И вот еще что: если бы я вел себя по-другому, она бы не покончила с собой. Да, конечно, она находила в несчастье какое-то извращенное удовольствие, и вообще уживаться с ней было нелегко, но если бы она откалывала свои обычные номера с другим мужчиной, получше меня, то, скорее всего, была бы жива до сих пор. У некоторых отношения строятся так, что один человек — вроде ключика, а другой — вроде замкА, сегодня так, а завтра — наоборот, и так по очереди; но порой случается, что оба они как ключи или оба — как замки, и тогда уж ничего не поделаешь. И все-таки что-то да можно было поделать, не будь я таким эгоистом, не стремись я брать в любви побольше, а отдавать поменьше. Никаких причин уходить из жизни у нее не было, и в ее смерти я винил только себя.
34
ДРУЗЬЯ, КОТОРЫХ С НАМИ НЕТ
После Национальной галереи и Трафальгарской площади я двинулся без особых на то причин в «Зетланд-Армз», и Амариллис оказалась там. При виде меня она улыбнулась, подняла руки — мол, сдаюсь, что уж с тобой поделаешь, и поманила меня к своему столику.
— Извини, — сказал я. — Я тебя не нарочно нашел.
— А если бы и нарочно — все равно, ничего страшного. Раз уж случилось, значит, так тому и быть.
— Чем-то все это похоже на бутылку Клейна номер пятнадцать.
— Это которая?
Я достал свое сокровище из рюкзака и протянул Амариллис:
— На, подержи.
Эта бутылка уже стала для меня фетишем: казалось, в ней таятся мистические узы, соединяющие меня с Амариллис.
— Лучше не надо, — отказалась она, отводя глаза. Наши мысли и недомолвки скользили среди этих разноцветных огоньков и светильников, теней и клубов дыма, музыки и голосов, как в лабиринте, то приближаясь, то отдаляясь от центра, наматывая петлю за петлей между виски, крепким, как тис, и горьким, как остролист, пивом.
— Чего ты боишься? — спросил я.
— Всего.
Она смотрела куда-то вдаль, задумчиво водя большим и средним пальцами вверх-вниз по стакану.

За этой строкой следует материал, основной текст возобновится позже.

(* Let $T$ be dependent. For every formula $\varphi(\bar x,\bar y,\bar z)$ with $\bar y,\bar z$ finite there is $n<\omega$ (depending only on $\varphi$ and $T$) such that for every $\mathbf x\in K_0$ with $\ell g(\bar x)=\ell g(\bar{\mathbf d}_{\mathbf x})$ the set $$J_{\mathbf x,\varphi}=\{t\in I_{\mathbf x}:\ n_{\mathbf x,t}\ge 2\text{ and there are }\alpha_0,\dots,\alpha_{k-1}<\ell g(\bar c_{\mathbf x,t,0})\ (k=\ell g(\bar y))\text{ and }\bar b\in{}^{\ell g(\bar z)}(A_{\mathbf x}\cup\textstyle\bigcup\{\bar c_{\mathbf x,s}:s\in I_{\mathbf x}\setminus\{t\}\})$$ $$\text{with }\mathfrak C\models\varphi[\bar{\mathbf d}_{\mathbf x},\langle(\bar c_{\mathbf x,t,0})_{\alpha_i}:i<k\rangle,\bar b]\wedge\neg\varphi[\bar{\mathbf d}_{\mathbf x},\langle(\bar c_{\mathbf x,t,1})_{\alpha_i}:i<k\rangle,\bar b]\}$$ has at most $n$ elements.
   Context: $T$ complete first-order, $\mathfrak C$ its monster model; dependent = NIP. $K_0$ is the family of $\mathbf x=(A,B,\bar{\mathbf c},\bar{\mathbf d})$ where $B\subseteq A$, $\bar{\mathbf d}$ is a sequence, $I=I_{\mathbf x}$ is a linear order, $\bar{\mathbf c}=\langle\bar c_{t,n}:t\in I,n<n_t\rangle$ with $1\le n_t\le\omega$, each $\bar c_{t,n}$ a finite sequence with $\ell g(\bar c_{t,n})$ depending only on $t$, $\bar c_t=\bar c_{t,0}{}^\frown\bar c_{t,1}{}^\frown\cdots$, and for each $t\in I$ the sequence $\langle\bar c_{t,n}:n<n_t\rangle$ is indiscernible over $A\cup\bigcup\{\bar c_s:s\in I\setminus\{t\}\}$. Write $A_{\mathbf x},\bar{\mathbf d}_{\mathbf x},I_{\mathbf x},\bar c_{\mathbf x,t},\bar c_{\mathbf x,t,n},n_{\mathbf x,t}$; $(\bar c)_\alpha$ denotes the $\alpha$-th entry of $\bar c$. *)

From mathcomp Require Import all_boot.
Set Implicit Arguments.
Unset Strict Implicit.
Unset Printing Implicit Defensive.

Record signature : Type := Signature {
  funs : Type; rels : Type;
  fun_ar : funs -> nat; rel_ar : rels -> nat }.

Section Syntax.
Variable L : signature.

Inductive term (V : Type) : Type :=
| tvar : V -> term V
| tapp : forall f : funs L, ('I_(fun_ar f) -> term V) -> term V.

— Почему ты не смотришь мне в глаза?
— Потому что я всего боюсь. Жаль, что Квини сегодня нет.
— А что так?
— Она мне помогала верить в этот мир.
Из-за соседнего столика к нам наклонился молодой человек в рубашке в синюю полоску, с белым воротничком и при галстуке, демонстрирующем преуспеяние.
— Извините, что подслушивал, но вы часом не о той старой бультерьерше говорите, что бывала здесь с Фредом Скоггинсом?
— По всей вероятности, — кивнул я.
— Они больше не придут. Собака издохла, а Скоггинс сунул голову в петлю и отпихнул табурет.
Амариллис залилась слезами.
— Прошу прощенья, — извинился наш осведомитель. — Вы что, были друзьями?
— Да, — сказал я. — Спасибо за живописный отчет.
— Прошу прощенья, — повторил он. — Оставлю вас наедине. — И перебрался за дальний столик.
Амариллис выкопала из сумки скомканный платок и высморкалась.
— На самом деле он не был нам другом, — заметила она.
— По сравнению с этим типом — был. Знаешь, можно ведь прекрасно прожить и не веря в этот мир. Только смотри в оба, когда переходишь дорогу, ну и все такое прочее.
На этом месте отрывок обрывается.